Scootmobielen in gemeenschappelijke verkeersruimten; een gevaar of niet?

In steeds meer flat- en woongebouwen worden speciale voorzieningen aangebracht in en om het huis om zo de bewoners steeds meer comfort te bieden. Één van die voorzieningen is het creëren van een ruimte voor scootmobielen, ook wel stallings-/oplaadplaatsen. Toch zijn deze stallingsplaatsen vaak niet geliefd bij de gemeente, omdat de woongebouwen zich vaak niet hiervoor lenen. Dit heeft dan ook te maken met de toename van scootmobielen de afgelopen tijd, waardoor steeds vaker de brandveiligheid in het geding is.

Dit is dus ook recentelijk het geval geweest bij een verzorgingshuis. De gemeente heeft namelijk twee keer een inspectie brandveiligheid uitgevoerd op locatie.
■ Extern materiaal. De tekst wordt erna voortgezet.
(* Let $p\equiv 1\pmod 8$ be a prime, and suppose there is a primitive root $a$ of $\mathbb{F}_p^*$ such that $a(a^2-a+1)\in(\mathbb{F}_p^* )^4=\{x^4:x\in\mathbb{F}_p^*\}$. Let $K_{p+1}$ be the complete graph on vertex set $\mathbb{F}_p\cup\{c\}$, where $c\notin\mathbb{F}_p$ is an extra vertex. Regard $0$ and the nonzero squares of $\mathbb{F}_p$ as ''quadratic residues'', and $c$ and the non-squares of $\mathbb{F}_p^*$ as ''quadratic non-residues''. Then there exists a $1$-factor $F$ of $K_{p+1}$ such that (1) each edge of $F$ joins a quadratic residue and a quadratic non-residue, and (2) the lengths of the edges of $F$ are pairwise distinct.
   Context: A $1$-factor is a perfect matching. For $x\neq y$ in $\mathbb{F}_p$, the length of the edge $\{x,y\}$ is $\ell(x,y)=\{x-y,y-x\}\subset\mathbb{F}_p^*$; every edge $\{c,x\}$ with $x\in\mathbb{F}_p$ is assigned length $\infty$, distinct from all subsets of $\mathbb{F}_p^*$. ''Pairwise distinct lengths'' means no two distinct edges of $F$ have the same length. *)

From HB Require Import structures.
From mathcomp Require Import all_boot all_order all_algebra.
Set Implicit Arguments. Unset Strict Implicit. Unset Printing Implicit Defensive.
Import GRing.Theory.
Local Open Scope ring_scope.

(* Vertex set of K_{p+1}: F_p together with an extra vertex c = None. *)
Definition vtx (p : nat) : finType := option 'F_p.

Definition qres (p : nat) (v : vtx p) : bool :=
  match v with
  | None => false
  | Some x => [exists y : 'F_p, y * y == x]
  end.

Definition is_edge (p : nat) (e : {set vtx p}) : bool := #|e| == 2%N.

Definition one_factor (p : nat) (F : {set {set vtx p}}) : Prop :=
  (forall e, e \in F -> is_edge e) /\
  (forall v : vtx p, #|[set e in F | v \in e]| = 1%N).

(* Length of an edge: None encodes infinity (edges through c); for an edge
   {x,y} in F_p the length is Some {x - y, y - x}. *)
Definition edge_length (p : nat) (e : {set vtx p}) : option {set 'F_p} :=
  if None \in e then None
  else Some [set d : 'F_p | [exists x : 'F_p, exists y : 'F_p,
              [&& Some x \in e, Some y \in e, x != y & d == x - y]]].

(* Write p = 8r + 1 and b = -a, again a primitive root, with b^(4r) = -1.  Pair c
   with 0 and the powers of b inside blocks of four consecutive exponents: for
   k = 4t + s with t < r pair s = 0 with 1 and 2 with 3, for t >= r pair 0 with 3
   and 1 with 2.  Paired exponents have opposite parity, so every edge joins a
   square and a non-square.  Since -1 = a^(4r) is a fourth power, the hypothesis
   says that b (b^2 + b + 1) is a fourth power, i.e. b^2 + b + 1 = b^e with
   e = 3 (mod 4).  The edge through b^k then has length +-(b - 1) b^d, where d is
   0 or 2 (mod 4) in the lower half and 1 or 3 (mod 4) in the upper one.  As the
   sign is absorbed by b^(4r) = -1, the 4r edges through F_p^* thus get the 4r
   distinct lengths indexed by the classes of d modulo 4r. *)

From HB Require Import structures.
From mathcomp Require Import all_boot all_order all_algebra all_field zify ring.
Set Implicit Arguments. Unset Strict Implicit. Unset Printing Implicit Defensive.
Import GRing.Theory.

Local Ltac case_ifs := repeat case: ifP; move=> *.

Lemma eqn_mod_lt3 n x y : x < 3 * n -> y < 3 * n -> x = y %[mod n] ->
  x = y \/ x = y + n \/ x = y + 2 * n \/ y = x + n \/ y = x + 2 * n.
Proof.
wlog le_xy : x y / x <= y.
  move=> hw hx hy hxy; have [le|/ltnW le] := leqP x y; first exact: hw.
  by have := hw y x le hy hx (esym hxy); lia.
move=> hx hy /eqP; rewrite eq_sym eqn_mod_dvd // => /dvdnP[q hq].
have : q * n < 3 * n by lia.
rewrite ltn_pmul2r; last by lia.
by case: q hq => [|[|[|//]]] hq _; lia.
Qed.

Definition pair_exp (r k : nat) : nat :=
  let t := k %/ 4 in let s := k %% 4 in
  4 * t + (if t < r then (if odd s then s.-1 else s.+1) else 3 - s).

Lemma pair_exp_lt r k : k < 8 * r -> pair_exp r k < 8 * r.
Proof. rewrite /pair_exp; case_ifs; lia. Qed.

Lemma pair_expK r k : k < 8 * r -> pair_exp r (pair_exp r k) = k.
Proof. rewrite /pair_exp; case_ifs; lia. Qed.

Lemma pair_exp_neq r k : pair_exp r k != k.
Proof. rewrite /pair_exp; case_ifs; lia. Qed.

Lemma odd_pair_exp r k : odd (pair_exp r k) = ~~ odd k.
Proof. rewrite /pair_exp; case_ifs; lia. Qed.

Definition diff_exp (r e k : nat) : nat :=
  4 * (k %/ 4) +
  if k %/ 4 < r then match k %% 4 with 0 => 4 * r | 1 => 0 | 2 => 2 + 4 * r | _ => 2 end
  else match k %% 4 with 0 => e + 4 * r | 1 => 1 + 4 * r | 2 => 1 | _ => e end.

Lemma diff_exp_lt r e k : e < 8 * r -> k < 8 * r -> diff_exp r e k < 3 * (8 * r).
Proof. rewrite /diff_exp; case: (k %% 4) => [|[|[|[|?]]]]; case_ifs; lia. Qed.

Lemma diff_exp_inj r e k1 k2 : e < 8 * r -> e %% 4 = 3 -> k1 < 8 * r -> k2 < 8 * r ->
  diff_exp r e k1 = diff_exp r e k2 %[mod 8 * r] -> k1 = k2.
Proof.
move=> he8 he4 hk1 hk2.
move/(eqn_mod_lt3 (diff_exp_lt he8 hk1) (diff_exp_lt he8 hk2)).
rewrite /diff_exp.
case E1: (k1 %% 4) => [|[|[|[|?]]]]; case E2: (k2 %% 4) => [|[|[|[|?]]]]; case_ifs; lia.
Qed.

Local Open Scope ring_scope.

Lemma diff_exp_spec (R : comPzRingType) (b : R) r e k :
  b ^+ (4 * r)%N = -1 -> b ^+ 3 - 1 = (b - 1) * b ^+ e ->
  b ^+ k - b ^+ pair_exp r k = (b - 1) * b ^+ diff_exp r e k.
Proof.
move=> b4r /eqP; rewrite subr_eq addrC => /eqP b3.
rewrite /pair_exp /diff_exp.
move: (divn_eq k 4) (ltn_pmod k (isT : (0 < 4)%N)).
move: (k %/ 4)%N (k %% 4)%N => t s -> hs.
rewrite mulnC; move: (4 * t)%N (4 * r)%N b4r => T R4 b4r.
case: s hs => [|[|[|[|//]]]] _; case: ifP => _;
  rewrite /= ?subn0 ?subn1 ?subn2 ?subnn /= ?addn0 !exprD ?b4r;
  by first [ring | rewrite b3; ring].
Qed.

Lemma prim_root_half (R : idomainType) (z : R) m :
  (2 * m)%N.-primitive_root z -> z ^+ m = -1.
Proof.
move=> hz; have m_gt0 : (0 < m)%N by have := prim_order_gt0 hz; lia.
have : (z ^+ m) ^+ 2 == 1 by rewrite -exprM mulnC prim_expr_order.
rewrite sqrf_eq1 => /orP[|/eqP //].
rewrite -{1}(expr0 z) (eq_prim_root_expr hz) mod0n modn_small ?eqn0Ngt ?m_gt0 //; lia.
Qed.

Lemma prim_root_opp (R : idomainType) (z : R) m :
  (2 * m)%N.-primitive_root z -> ~~ odd m -> (2 * m)%N.-primitive_root (- z).
Proof.
move=> hz m_even.
have -> : - z = z ^+ m.+1 by rewrite exprSr (prim_root_half hz) mulN1r.
by rewrite prim_root_exp_coprime // coprimeMr coprimen2 coprimeSn /= m_even.
Qed.

Section FiniteFieldLog.

Variables (F : finFieldType) (n : nat) (b : F).
Hypotheses (hF : #|F| = n.+1) (hb : n.-primitive_root b).

Lemma expf_card_pred (y : F) : y != 0 -> y ^+ n = 1.
Proof. by move=> y0; apply: (mulfI y0); rewrite -exprS -hF expf_card mulr1. Qed.

Lemma prim_expr_neq0 k : b ^+ k != 0.
Proof. by rewrite expf_neq0 // (prim_root_eq0 hb) -lt0n (prim_order_gt0 hb). Qed.

Definition dlog (y : F) : nat :=
  if [pick i : 'I_n | b ^+ i == y] is Some i then nat_of_ord i else 0.

Lemma dlog_spec (y : F) : y != 0 -> (dlog y < n)%N /\ b ^+ dlog y = y.
Proof.
move=> y0; rewrite /dlog; case: pickP => [i /eqP -> //|no_i].
have [i def_y] := prim_rootP hb (expf_card_pred y0).
by have := no_i i; rewrite def_y eqxx.
Qed.

Lemma dlog_expr k : (k < n)%N -> dlog (b ^+ k) = k.
Proof.
move=> lt_kn; have [lt_ln /eqP] := dlog_spec (prim_expr_neq0 k).
by rewrite (eq_prim_root_expr hb) !modn_small // => /eqP.
Qed.

Lemma exists_root_expr m k : (m %| n)%N -> [exists y, y ^+ m == b ^+ k] = (m %| k)%N.
Proof.
move=> dvd_mn; have m_gt0 : (0 < m)%N := dvdn_gt0 (prim_order_gt0 hb) dvd_mn.
apply/existsP/idP => [[y /eqP hy]|/dvdnP[q ->]]; last first.
  by exists (b ^+ q); rewrite -exprM.
have y0 : y != 0.
  by apply: contraNneq (prim_expr_neq0 k) => y0; rewrite -hy y0 expr0n gtn_eqF.
have [_ def_y] := dlog_spec y0.
move: hy; rewrite -def_y -exprM => /eqP; rewrite (eq_prim_root_expr hb) => /eqP.
move/(congr1 (modn^~ m)); rewrite /= !modn_dvdm // => hmod.
by rewrite /dvdn -hmod modnMl.
Qed.

Lemma exists_sqrt_expr k : ~~ odd n -> [exists y, y * y == b ^+ k] = ~~ odd k.
Proof. by move=> n_even; rewrite -dvdn2 -exists_root_expr ?dvdn2. Qed.

Lemma cube_sub1_factor (w : F) : (4 %| n)%N -> w != 0 ->
  b * (b ^+ 2 + b + 1) = w ^+ 4 ->
  exists e, [/\ (e < n)%N, (e %% 4 = 3)%N & b ^+ 3 - 1 = (b - 1) * b ^+ e].
Proof.
move=> dvd4n w0; set c := b ^+ 2 + b + 1 => hw.
have c0 : c != 0 by apply: contraNneq (expf_neq0 4 w0) => c0; rewrite -hw c0 mulr0.
have [lt_en def_c] := dlog_spec c0.
have : (4 %| (dlog c).+1)%N.
  by rewrite -exists_root_expr //; apply/existsP; exists w; rewrite -hw -{1}def_c -exprS.
exists (dlog c); split => //; first by lia.
by rewrite def_c /c; ring.
Qed.

End FiniteFieldLog.

Section Partner.

Variables (F : finFieldType) (r e : nat) (b : F).
Hypotheses (hF : #|F| = (8 * r).+1) (hb : (8 * r).-primitive_root b).
Hypotheses (he8 : (e < 8 * r)%N) (he4 : (e %% 4 = 3)%N).
Hypothesis he3 : b ^+ 3 - 1 = (b - 1) * b ^+ e.

Definition partner (y : F) : F := b ^+ pair_exp r (dlog (8 * r) b y).

Lemma partner_neq0 y : partner y != 0.
Proof. exact: prim_expr_neq0 hb _. Qed.

Lemma partnerK y : y != 0 -> partner (partner y) = y.
Proof.
move=> y0; have [lt_k def_y] := dlog_spec hF hb y0.
by rewrite /partner (dlog_expr hF hb) ?pair_exp_lt // pair_expK.
Qed.

Lemma partner_neq y : y != 0 -> partner y != y.
Proof.
move=> y0; have [lt_k def_y] := dlog_spec hF hb y0.
by rewrite /partner -{2}def_y (eq_prim_root_expr hb) !modn_small ?pair_exp_lt ?pair_exp_neq.
Qed.

Lemma square_partner y : y != 0 ->
  [exists z, z * z == partner y] = ~~ [exists z, z * z == y].
Proof.
move=> y0; have [_ def_y] := dlog_spec hF hb y0.
have n_even : ~~ odd (8 * r) by rewrite oddM.
by rewrite /partner -{2}def_y !(exists_sqrt_expr hF hb) // odd_pair_exp.
Qed.

Lemma sub_partner y : y != 0 ->
  y - partner y = (b - 1) * b ^+ diff_exp r e (dlog (8 * r) b y).
Proof.
move=> y0; have [_ def_y] := dlog_spec hF hb y0.
have b4r : b ^+ (4 * r) = -1 by apply: prim_root_half; rewrite mulnA.
by rewrite -{1}def_y -diff_exp_spec.
Qed.

Lemma sub_partner_inj y1 y2 : y1 != 0 -> y2 != 0 ->
  y1 - partner y1 = y2 - partner y2 -> y1 = y2.
Proof.
have b1 : b - 1 != 0.
  have r_gt0 : (0 < r)%N by have := prim_order_gt0 hb; lia.
  rewrite subr_eq0 -{1}(expr1 b) -(expr0 b) (eq_prim_root_expr hb).
  by rewrite mod0n modn_small //; lia.
move=> y10 y20.
have [lt1 def_y1] := dlog_spec hF hb y10; have [lt2 def_y2] := dlog_spec hF hb y20.
rewrite !sub_partner // => /(mulfI b1) /eqP.
rewrite (eq_prim_root_expr hb) => /eqP /(diff_exp_inj he8 he4 lt1 lt2) eq_k.
by rewrite -def_y1 -def_y2 eq_k.
Qed.

End Partner.

Definition matching_of (p : nat) (g : vtx p -> vtx p) : {set {set vtx p}} :=
  [set [set v; g v] | v : vtx p].

Lemma one_factor_involution (p : nat) (g : vtx p -> vtx p) :
  involutive g -> (forall v, g v != v) -> one_factor (matching_of g).
Proof.
move=> gK g_neq; split=> [e /imsetP[v _ ->]|v].
  by rewrite /is_edge cards2 (eq_sym v) g_neq.
apply/eqP/cards1P; exists [set v; g v]; apply/setP => e; rewrite !inE.
apply/andP/eqP => [[/imsetP[w _ ->] /set2P[->|->]] //|->].
  by rewrite gK setUC.
by split; [apply/imsetP; exists v | rewrite !inE eqxx].
Qed.

Lemma edge_length_Fp (p : nat) (x y : 'F_p) : x != y ->
  edge_length [set Some x; Some y] = Some [set x - y; y - x].
Proof.
move=> neq_xy; rewrite /edge_length !inE /=; congr Some; apply/setP => d.
rewrite !inE; apply/existsP/orP => [[x' /existsP[y' /and4P[]]]|[/eqP->|/eqP->]].
- rewrite !inE !(inj_eq (@Some_inj _)) => /orP[]/eqP-> /orP[]/eqP->;
    rewrite ?eqxx // => _ ->; by [left | right].
- by exists x; apply/existsP; exists y; rewrite !inE !eqxx /= orbT andbT.
- by exists y; apply/existsP; exists x; rewrite !inE !eqxx /= orbT andbT eq_sym.
Qed.

Section ExtendByC.

Variables (p : nat) (f : 'F_p -> 'F_p).
Hypotheses (f_neq0 : forall y, y != 0 -> f y != 0) (fK : forall y, y != 0 -> f (f y) = y).
Hypothesis f_neq : forall y, y != 0 -> f y != y.

Definition extc (v : vtx p) : vtx p :=
  if v is Some y then (if y == 0 then None else Some (f y)) else Some 0.

Lemma extcK : involutive extc.
Proof.
case=> [y|] //=; have [-> //|y0 /=] := eqVneq y 0.
by rewrite (negbTE (f_neq0 y0)) fK.
Qed.

Lemma extc_neq v : extc v != v.
Proof.
case: v => [y|] //=; have [//|y0] := eqVneq y 0.
by rewrite (inj_eq (@Some_inj _)) f_neq.
Qed.

Lemma extc_edge v : [set v; extc v] = [set None; Some 0] \/
  exists2 y, y != 0 & [set v; extc v] = [set Some y; Some (f y)].
Proof.
case: v => [y|]; last by left.
rewrite /extc; have [->|y0] := eqVneq y 0; first by left; rewrite setUC.
by right; exists y.
Qed.

Lemma matching_extc_qres : (forall y, y != 0 -> qres (Some (f y)) = ~~ qres (Some y)) ->
  forall e, e \in matching_of extc -> exists u v, [/\ u \in e, v \in e, qres u & ~~ qres v].
Proof.
move=> f_qres e /imsetP[v _ ->].
have qres_extc : qres (extc v) = ~~ qres v.
  have qres0 : qres (Some (0 : 'F_p)) by apply/existsP; exists 0; rewrite mul0r.
  case: v => [y|]; last exact: qres0.
  rewrite /extc; have [->|y0] := eqVneq y 0; first by rewrite qres0.
  exact: f_qres.
have [qv|nqv] := boolP (qres v).
  by exists v, (extc v); rewrite !inE !eqxx orbT qres_extc qv.
by exists (extc v), v; rewrite !inE !eqxx orbT qres_extc.
Qed.

Lemma matching_extc_lengths :
  (forall y1 y2, y1 != 0 -> y2 != 0 -> y1 - f y1 = y2 - f y2 -> y1 = y2) ->
  {in matching_of extc &, injective (@edge_length p)}.
Proof.
move=> sub_f_inj _ _ /imsetP[v1 _ ->] /imsetP[v2 _ ->].
have length_c : edge_length [set None; Some (0 : 'F_p)] = None.
  by rewrite /edge_length !inE eqxx.
have length_y y : y != 0 ->
    edge_length [set Some y; Some (f y)] = Some [set y - f y; f y - y].
  by move=> y0; rewrite edge_length_Fp // eq_sym f_neq.
case: (extc_edge v1) => [->|[y1 y10 ->]]; case: (extc_edge v2) => [->|[y2 y20 ->]] //;
  rewrite ?length_c ?length_y // => -[eq_len].
have : y1 - f y1 \in [set y2 - f y2; f y2 - y2] by rewrite -eq_len !inE eqxx.
case/set2P => [/sub_f_inj -> //|].
rewrite -{2}(fK y20) => /sub_f_inj ->; rewrite ?f_neq0 ?fK //.
by rewrite setUC.
Qed.

End ExtendByC.

Theorem proposition2p1 (p : nat) (hp : prime p) (hp8 : (p %% 8 = 1)%N)
  (a : 'F_p) (ha : (p.-1).-primitive_root a)
  (h4 : exists x : 'F_p, x != 0 /\ a * (a ^+ 2 - a + 1) = x ^+ 4) :
  exists F : {set {set vtx p}},
    one_factor F /\
    (forall e, e \in F -> exists u v, [/\ u \in e, v \in e, qres u & ~~ qres v]) /\
    {in F &, injective (@edge_length p)}.
Proof.
set r := (p %/ 8)%N.
have n_eq : p.-1 = (8 * r)%N by rewrite /r; have := divn_eq p 8; lia.
have hF : #|'F_p| = (8 * r).+1 by rewrite card_Fp // -n_eq prednK ?prime_gt0.
have ha8 : (8 * r).-primitive_root a by rewrite -n_eq.
have double_4r : (8 * r = 2 * (4 * r))%N by rewrite mulnA.
have a4r : a ^+ (4 * r) = -1 by apply: prim_root_half; rewrite -double_4r.
have hb : (8 * r).-primitive_root (- a).
  by rewrite double_4r prim_root_opp -?double_4r ?oddM.
have [x [x0 hx]] := h4.
have hw : - a * ((- a) ^+ 2 + - a + 1) = (a ^+ r * x) ^+ 4.
  by rewrite exprMn -exprM mulnC a4r -hx; ring.
have dvd4 : (4 %| 8 * r)%N by rewrite dvdn_mulr.
have w0 : a ^+ r * x != 0 by rewrite mulf_neq0 ?(prim_expr_neq0 ha8).
have [e [he8 he4 he3]] := cube_sub1_factor hF hb dvd4 w0 hw.
pose f := partner r (- a).
have f_neq0 y : y != 0 -> f y != 0 by move=> _; apply: partner_neq0 hb y.
have fK := partnerK hF hb; have f_neq := partner_neq hF hb.
exists (matching_of (extc f)); split; last split.
- exact: one_factor_involution (extcK f_neq0 fK) (extc_neq f_neq).
- by apply: matching_extc_qres => y y0; rewrite /qres (square_partner hF hb).
- exact: matching_extc_lengths f_neq0 fK f_neq (sub_partner_inj hF hb he8 he4 he3).
Qed.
Daarbij is geconstateerd dat scootmobielen van de bewoners geregeld op bepaalde plekken in verkeersruimten worden gestald op een plek waar ook een vluchtroute voert. De gemeente heeft de instelling hierop meermaals aangesproken en heeft geconstateerd dat er geen verandering is gekomen in het aantal scootmobielen dat gestald wordt in die verkeersruimten. De gemeente is van mening dat de vuurlast van deze scootmobielen en de daarbij behorende rookontwikkeling bij brand kan zorgen voor situaties waarin vluchtroutes niet meer bruikbaar zijn. Daardoor kunnen slachtoffers vallen.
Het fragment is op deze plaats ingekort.